Lucy Owsley

Lucy Owsley

Farm Share

The alternative for when times get weird

Boulder Belt Eco-Farm's avatar
Boulder Belt Eco-Farm
Jun 01, 2025
∙ Paid
Spring bounty from 2025. This food went into 4 farm shares

I have run a CSA (Community Supported Agriculture and NOT the white nationalist racist group Confederate States of America) for about 28 years. This is an alternative way for some people to buy food straight from the farm. They buy a share, pay up front and get a box of food weekly or biweekly. In a traditional CSA the member gets whatever the farm wants to supply. It could be shares where beets and chard are featured for weeks on end. In my CSA my members get to pick out 5 items from a list I send out weekly and they build a custom share. This prevents burn out and unused food because a member simply cannot take another week of beets or asparagus or peas. It’s a good system, I like it and my members love it.

This spring my farm share has 16 members, I would call this a small CSA as the larger CSA farms have memberships in the hundreds and few have thousands of members. I do not want to get that big. Ideally I would have around 50 to 75 members which would mean I could quit doing farmers markets, but I love doing farmers markets so I would probably still go even though the CSA would be large enough to keep the farm afloat financially.

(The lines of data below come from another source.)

(* A prime filter contains [eps (S d)] iff it lies strictly above a prime filter
   containing [eps d]; by induction every prime filter [p] contains [eps d] iff
   height p >= d, and prime separation turns this into [dL = down-set of eps d].

   The term [eps (S d)] can only be built because prime filters of height < k are
   determined by the finite list [test_terms k]: if [v] has height < k and [u]
   contains the same test terms as [v], then [u] and [v] contain the same terms.
   This is shown by induction on terms for a back-and-forth invariant: a prime
   [q] containing [t1 - t2] has a prime below it containing [t1] but not [t2],
   and the split terms [/\ pos - \/ neg] transport such primes between [u] and
   [v]; below [v] heights drop, so the induction on [k] applies there.

   Given [q] of height >= d strictly below [p], shrink it to a minimal prime [q']
   containing [eps d]; [q'] has height exactly d, so [p] and [q'] differ on a test
   term, whence the join [psi] of the test terms outside [q'] lies in [p] and
   [p] contains [psi /\ (eps d - psi)]. *)

Definition subpred {T : Type} (A B : T -> Prop) : Prop := forall x, A x -> B x.

Definition chain {T : Type} (C : (T -> Prop) -> Prop) : Prop :=
  forall J K, C J -> C K -> subpred J K \/ subpred K J.

Definition union {T : Type} (C : (T -> Prop) -> Prop) (x : T) : Prop :=
  exists J, C J /\ J x.

Definition inter {T : Type} (C : (T -> Prop) -> Prop) (x : T) : Prop :=
  forall J, C J -> J x.

Lemma pred_ext {T : Type} (A B : T -> Prop) : (forall x, A x <-> B x) -> A = B.
Proof.
intro H. apply functional_extensionality; intro x.
apply propositional_extensionality, H.
Qed.

Lemma compl_compl {T : Type} (A : T -> Prop) : (fun x => ~ ~ A x) = A.
Proof. apply pred_ext; intro x; split; [apply NNPP | tauto]. Qed.

(* [Zorn_bigcup] also covers the empty chain, whose union is empty; working
   with the sets [J0 \/ J] instead restores a bottom element. *)
Lemma zorn_above {T : Type} (P : (T -> Prop) -> Prop) (J0 : T -> Prop) :
  P J0 ->
  (forall C, chain C -> C J0 -> (forall J, C J -> P J) -> P (union C)) ->
  exists A, P A /\ subpred J0 A /\ (forall B, P B -> subpred A B -> subpred B A).
Proof.
intros PJ0 P_union.
pose (widen := fun (J : T -> Prop) x => J0 x \/ J x).
assert (J0_widen : forall J, subpred J0 (widen J)) by (intros J x Hx; left; exact Hx).
destruct (@classical_sets.Zorn_bigcup T (fun J => P (widen J))) as [A [PA A_max]].
- intros F FP F_total.
  pose (C := fun K => K = J0 \/ exists J, F J /\ K = widen J).
  replace (widen (classical_sets.bigcup F (fun X => X))) with (union C).
  + apply P_union.
    * intros K K' [->|[J [FJ ->]]] [->|[J' [FJ' ->]]];
        try (left; apply J0_widen); try (right; apply J0_widen).
      -- left; intros x Hx; exact Hx.
      -- destruct (F_total J J' FJ FJ') as [S|S];
           [left|right]; intros x [Hx|Hx]; (left; exact Hx) || (right; apply S, Hx).
    * left; reflexivity.
    * intros K [->|[J [FJ ->]]]; [exact PJ0 | apply FP, FJ].
  + apply pred_ext; intro x. split.
    * intros [K [[->|[J [FJ ->]]] Kx]]; [left; exact Kx|].
      destruct Kx as [Kx|Kx]; [left; exact Kx | right; exists J; assumption].
    * intros [Hx|[J FJ Jx]]; [exists J0; split; [left|]; auto|].
      exists (widen J); split; [right; exists J; auto | right; exact Jx].
- exists (widen A). split; [exact PA | split; [apply J0_widen|]].
  intros B PB AB x Bx. apply NNPP; intro nx.
  apply (A_max B).
  + split.
    * intros y Ay. apply AB; right; exact Ay.
    * intro BA. apply nx; right; apply BA, Bx.
  + replace (widen B) with B; [exact PB|].
    apply pred_ext; intro y; split; [intro; right; assumption|].
    intros [Hy|Hy]; [apply AB, J0_widen, Hy | exact Hy].
Qed.

Lemma zorn_below {T : Type} (P : (T -> Prop) -> Prop) (J0 : T -> Prop) :
  P J0 ->
  (forall C, chain C -> C J0 -> (forall J, C J -> P J) -> P (inter C)) ->
  exists A, P A /\ subpred A J0 /\ (forall B, P B -> subpred B A -> subpred A B).
Proof.
intros PJ0 P_inter.
destruct (zorn_above (fun J => P (fun x => ~ J x)) (fun x => ~ J0 x))
  as [A [PA [J0A A_max]]].
- rewrite compl_compl; exact PJ0.
- intros C C_chain CJ0 CP.
  replace (fun x => ~ union C x) with (inter (fun K => C (fun x => ~ K x))).
  + apply P_inter.
    * intros K K' CK CK'. destruct (C_chain _ _ CK CK') as [S|S];
        [right|left]; intros x Kx; apply NNPP; intro nKx; exact (S x nKx Kx).
    * exact CJ0.
    * intros K CK. rewrite <- (compl_compl K). apply CP, CK.
  + apply pred_ext; intro x; unfold inter; split.
    * intros Hx [J [CJ Jx]]. rewrite <- (compl_compl J) in CJ. exact (Hx _ CJ Jx).
    * intros Hx K CK. apply NNPP; intro nKx. apply Hx. exists (fun y => ~ K y); auto.
- exists (fun x => ~ A x). split; [exact PA | split].
  + intros x nAx. apply NNPP; intro nJ0x. exact (nAx (J0A x nJ0x)).
  + intros B PB BA x nAx. apply NNPP; intro nBx.
    apply nAx, (A_max (fun y => ~ B y)); [rewrite compl_compl; exact PB | | exact nBx].
    intros y Ay By. exact (BA y By Ay).
Qed.

Section Lattice.
Context {L : coHeytingAlgebra}.
Implicit Types x y z j : L.

Lemma meet_idem x : meet x x = x.
Proof. rewrite <- (join_meet_absorb x x) at 2. apply meet_join_absorb. Qed.

Lemma le_refl x : le x x.
Proof. apply meet_idem. Qed.

Lemma le_trans x y z : le x y -> le y z -> le x z.
Proof. unfold le; intros Hxy Hyz. rewrite <- Hxy, <- meetA, Hyz. reflexivity. Qed.

Lemma le_join_iff x y : le x y <-> join x y = y.
Proof.
unfold le; split; intro H.
- rewrite <- H, joinC, meetC. apply join_meet_absorb.
- rewrite <- H. apply meet_join_absorb.
Qed.

Lemma meet_lb_l x y : le (meet x y) x.
Proof. unfold le. rewrite (meetC x y), <- meetA, meet_idem. reflexivity. Qed.

Lemma meet_lb_r x y : le (meet x y) y.
Proof. rewrite meetC. apply meet_lb_l. Qed.

Lemma join_ub_l x y : le x (join x y).
Proof. apply meet_join_absorb. Qed.

Lemma join_ub_r x y : le y (join x y).
Proof. rewrite joinC. apply join_ub_l. Qed.

Lemma meet_glb x y z : le z x -> le z y -> le z (meet x y).
Proof. unfold le; intros Hx Hy. rewrite meetA, Hx, Hy. reflexivity. Qed.

Lemma join_lub x y z : le x z -> le y z -> le (join x y) z.
Proof. rewrite !le_join_iff; intros Hx Hy. rewrite <- joinA, Hy, Hx. reflexivity. Qed.

Lemma le_one x : le x (one L).
Proof. apply meet1. Qed.

Lemma le_zero x : le (zero L) x.
Proof. apply le_join_iff. rewrite joinC. apply join0. Qed.

Lemma join_mono x y x' y' : le x x' -> le y y' -> le (join x y) (join x' y').
Proof.
intros Hx Hy. apply join_lub.
- apply le_trans with x'; [exact Hx | apply join_ub_l].
- apply le_trans with y'; [exact Hy | apply join_ub_r].
Qed.

Lemma join_meet_distr j x y : meet (join j x) (join j y) = join j (meet x y).
Proof.
rewrite meet_join_distr, (meetC (join j x) j), meet_join_absorb.
rewrite (meetC (join j x) y), meet_join_distr.
rewrite joinA, (meetC y j), join_meet_absorb, (meetC y x). reflexivity.
Qed.

Lemma diff_le x y : le x (join y (diff x y)).
Proof. apply diff_cover. Qed.

Lemma diff_least x y z : le x (join y z) -> le (diff x y) z.
Proof. apply diff_min. Qed.

End Lattice.

Section PrimeFilters.
Context {L : coHeytingAlgebra}.
Implicit Types x y z e : L.
Implicit Types p q : L -> Prop.
Notation prime := (@is_prime_filter L).

Definition is_ideal (I : L -> Prop) : Prop :=
  I (zero L) /\
  (forall x y, le x y -> I y -> I x) /\
  (forall x y, I x -> I y -> I (join x y)).

Section Prime.
Context {p : L -> Prop} (P : prime p).

Lemma prime_one : p (one L).
Proof. apply P. Qed.

Lemma prime_zero : ~ p (zero L).
Proof. apply P. Qed.

Lemma prime_up x y : le x y -> p x -> p y.
Proof. apply P. Qed.

Lemma prime_meet_iff x y : p (meet x y) <-> p x /\ p y.
Proof.
split.
- intro H; split; [apply (prime_up _ _ (meet_lb_l x y)) | apply (prime_up _ _ (meet_lb_r x y))];
    exact H.
- intros [Hx Hy]. apply P; assumption.
Qed.

Lemma prime_join_iff x y : p (join x y) <-> p x \/ p y.
Proof.
split; [apply P|].
intros [H|H]; [apply (prime_up _ _ (join_ub_l x y)) | apply (prime_up _ _ (join_ub_r x y))];
  exact H.
Qed.

End Prime.

Lemma ideal_chain_union C I0 :
  chain C -> C I0 -> (forall I, C I -> is_ideal I) -> is_ideal (union C).
Proof.
intros C_chain CI0 C_ideal. split; [|split].
- exists I0; split; [exact CI0 | apply (C_ideal _ CI0)].
- intros x y Hxy [I [CI Iy]]. exists I; split; [exact CI|]. apply (C_ideal _ CI) with y; auto.
- intros x y [I [CI Ix]] [I' [CI' I'y]].
  destruct (C_chain _ _ CI CI') as [S|S].
  + exists I'; split; [exact CI'|]. apply (C_ideal _ CI'); [apply S|]; assumption.
  + exists I; split; [exact CI|]. apply (C_ideal _ CI); [|apply S]; assumption.
Qed.

Lemma prime_chain_inter C p0 :
  chain C -> C p0 -> (forall p, C p -> prime p) -> prime (inter C).
Proof.
intros C_chain Cp0 C_prime. split; [split; [|split]|split].
- intros p Cp. apply (prime_one (C_prime _ Cp)).
- intros x y Hxy Hx p Cp. apply (prime_up (C_prime _ Cp) x); [exact Hxy | apply Hx, Cp].
- intros x y Hx Hy p Cp. apply (prime_meet_iff (C_prime _ Cp)).
  split; [apply Hx | apply Hy]; exact Cp.
- intro H. apply (prime_zero (C_prime _ Cp0)), H, Cp0.
- intros x y Hxy. apply NNPP; intro H.
  apply not_or_and in H as [Hx Hy].
  apply not_all_ex_not in Hx as [p Hp]. apply imply_to_and in Hp as [Cp npx].
  apply not_all_ex_not in Hy as [q Hq]. apply imply_to_and in Hq as [Cq nqy].
  destruct (C_chain _ _ Cp Cq) as [S|S].
  + destruct (proj1 (prime_join_iff (C_prime _ Cp) x y) (Hxy p Cp)) as [H|H];
      [exact (npx H) | exact (nqy (S y H))].
  + destruct (proj1 (prime_join_iff (C_prime _ Cq) x y) (Hxy q Cq)) as [H|H];
      [exact (npx (S x H)) | exact (nqy H)].
Qed.

(* For [z] outside [A], maximality puts [x] into the ideal generated by [A] and [z],
   i.e. [x <= j \/ z] for some [j] in [A]. *)
Lemma maximal_ideal_compl_prime (A : L -> Prop) x :
  is_ideal A -> ~ A x ->
  (forall B, is_ideal B -> ~ B x -> subpred A B -> subpred B A) ->
  prime (fun z => ~ A z).
Proof.
intros [A0 [A_down A_join]] nAx A_max.
assert (A_adjoin : forall z, ~ A z -> exists j, A j /\ le x (join j z)).
{ intros z nAz. apply NNPP; intro H. apply nAz.
  apply (A_max (fun u => exists j, A j /\ le u (join j z))).
  - split; [|split].
    + exists (zero L); split; [exact A0 | apply le_zero].
    + intros u v Huv [j [Aj Hv]]. exists j; split; [exact Aj | apply le_trans with v; auto].
    + intros u v [j [Aj Hu]] [j' [Aj' Hv]]. exists (join j j'); split; [apply A_join; auto|].
      apply join_lub.
      * apply le_trans with (join j z); [exact Hu | apply join_mono; [apply join_ub_l | apply le_refl]].
      * apply le_trans with (join j' z); [exact Hv | apply join_mono; [apply join_ub_r | apply le_refl]].
  - exact H.
  - intros u Au. exists u; split; [exact Au | apply join_ub_l].
  - exists (zero L); split; [exact A0|]. rewrite joinC, join0. apply le_refl. }
split; [split; [|split]|split].
- intro A1. apply nAx, A_down with (one L); [apply le_one | exact A1].
- intros y z Hyz nAy Az. apply nAy, A_down with z; assumption.
- intros y z nAy nAz Ayz.
  destruct (A_adjoin y nAy) as [j [Aj Hj]], (A_adjoin z nAz) as [j' [Aj' Hj']].
  apply nAx, A_down with (join (join j j') (meet y z)); [|apply A_join; [apply A_join|]; assumption].
  rewrite <- join_meet_distr. apply meet_glb.
  + apply le_trans with (join j y); [exact Hj | apply join_mono; [apply join_ub_l | apply le_refl]].
  + apply le_trans with (join j' z); [exact Hj' | apply join_mono; [apply join_ub_r | apply le_refl]].
- intro H. exact (H A0).
- intros y z H. apply NNPP; intro K. apply H, A_join; apply NNPP; intro K'; apply K; auto.
Qed.

Lemma prime_avoiding_ideal I x :
  is_ideal I -> ~ I x -> exists q, prime q /\ q x /\ (forall z, I z -> ~ q z).
Proof.
intros I_ideal nIx.
destruct (zorn_above (fun J => is_ideal J /\ ~ J x) I) as [A [[A_ideal nAx] [IA A_max]]].
- split; assumption.
- intros C C_chain CI C_good. split.
  + apply (ideal_chain_union C I); auto. intros J CJ; apply C_good, CJ.
  + intros [J [CJ Jx]]. apply (C_good J CJ), Jx.
- exists (fun z => ~ A z). split; [|split].
  + apply (maximal_ideal_compl_prime A x); [exact A_ideal | exact nAx|].
    intros B B_ideal nBx. apply A_max; split; assumption.
  + exact nAx.
  + intros z Iz nAz. apply nAz, IA, Iz.
Qed.

Lemma prime_separation x y : ~ le x y -> exists p, prime p /\ p x /\ ~ p y.
Proof.
intro nxy.
destruct (prime_avoiding_ideal (fun z => le z y) x) as [p [P [px Hp]]]; [| exact nxy |].
- split; [apply le_zero | split].
  + intros u v Huv Hv. apply le_trans with v; assumption.
  + intros u v Hu Hv. apply join_lub; assumption.
- exists p; split; [exact P | split; [exact px | apply Hp, le_refl]].
Qed.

Chuck and farmer Eugene are socially distanced during a CSA pick up in 2020

Only once did I get almost to the goal of 50 member. That was during the beginning of the Covid lockdowns in the spring of 2020 when the food supply chains were getting disrupted and people started panicking. That year I went from 3 CSA members and the very real prospect shutting down the farm share in February. This was before C19 had a name and things were still open and I figured we would depend on farmers markets for our main income. In March everything changed, the farmers market I do was closed until further notice (we do a winter FM). We had to figure out how to sell all the produce we were producing so I quickly set up an ordering system and people would order food and come to the farm and pick it up remotely. I was considering going with this system when in April about 3 weeks into the C19 shutdown I suddenly went from 3 members to over 45 members and the 2020 farm season was saved. It was a good growing season and I thought that maybe my CSA after 20 some years was going to be really successful. that we would retain most of these members for years. We did not, By 2022 we were down to around 25 members, 2023 that number went down and again last year it did the same thing. We did get 10 members from the covid scare that have stuck with us ever since and will likely be with us until either we get out of farming (I will probably do this until I die) or they die or move.